So I did some searching. This thing was cancelled almost 20 years ago. Now there's a different festival, only four days long (the old one was ten days), and it looks pretty lame.
Apparently, the old festival was cancelled as a result of too much fighting and crime and whatnot. I guess that's true. It was pretty scummy. Pretty really scummy. And I didn't even go late at night.
The carnival games used to give "coke mirrors" and "roach clips" as prizes. Off colour t-shirts as well. I got a Simpsons coke mirror but mostly I'd get really cheaply-made plush animals that were full of styrofoam beads instead of, say, cotton.
The only ride I remember going on was a giant slide. You'd take a dirty as fuck rug and then slide down on that rug. The slide was straight but wavy. I couldn't guess how long it was. People had to have died on that thing, though. I'd go with my friend over and over again until the carnie told us that we can't go any more. The rides were free if you had a wristband. The wristband was like $10 or something, good for one day.
Food was elephant ear shit. Fried dough sprinkled with cinammon. And pizza and whatever.
I started to get too old to go with my mother but she'd still guilt me into going with her. One time I told her that I'm absolutely not going and then about an hour later, my friend called and asked if I wanted to go and I said okay. So my sister tried to guilt me into not going too. Then my mother's friend came over and asked her to go to the festival and my mother said no. It was all to make me feel bad but this is normal. It's normal not to hang out with your mother as you get older. It's unhealthy NOT to do that. Anyone who cared at all about parenting would understand and ENCOURAGE this behaviour.

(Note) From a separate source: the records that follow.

(* There exists a family of connected bipartite graphs $(G_N)_{N\ge 4}$ with $|V(G_N)|=N$, $\Delta(G_N)\le N-2<N-1$, and $\hat r_\infty(G_N)\to 1$ as $N\to\infty$.
   Context: All graphs are finite and simple; a graph is nonempty if it has at least one edge. $\Delta$ is maximum degree, $tK_2$ is a matching with $t$ edges. For graphs $F,G,H$, $F\to(G,H)$ means every red--blue coloring of $E(F)$ contains a red copy of $G$ or a blue copy of $H$, and $\hat r(G,H)=\min\{|E(F)|:F\to(G,H)\}$. For a nonempty graph $G$, $\hat r_\infty(G)=\lim_{t\to\infty}\frac{\hat r(tK_2,G)}{t\,|E(G)|}$ (this limit exists). *)

From Stdlib Require Import Reals.
From mathcomp Require Import all_boot.
Set Implicit Arguments. Unset Strict Implicit. Unset Printing Implicit Defensive.

Definition simple_rel (T : finType) (e : rel T) : Prop :=
  symmetric e /\ irreflexive e.

Record sgraph := SGraph {
  nv : nat;
  adj : rel 'I_nv;
  adj_sym : symmetric adj;
  adj_irr : irreflexive adj }.

Definition edge_set (T : finType) (e : rel T) : {set {set T}} :=
  [set A : {set T} | [exists x, exists y, (A == [set x; y]) && e x y]].

Definition num_edges (T : finType) (e : rel T) : nat := #|edge_set e|.

Definition degree (T : finType) (e : rel T) (v : T) : nat := #|[set u | e v u]|.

Yes. Go with your friend. Socialise.
I was probably 13 or 14. I stopped having friends around that age. How would my life be different if I was properly socialised and had friends and whatnot? I'd probably have more stories to tell. I would have had more fun. Maybe would have got a girlfriend at a normal age. Then all that that entails. Got married and whatever.
It seems a waste of a life but I look at these former classmates in their hovels and fat wives and fat kids and shitty jobs and that seems like a waste of a life too. Indeed, these shitty wives and shitty kids seem to detract from life, not add to it.
Anyway, I'm living in the UK. That's exciting.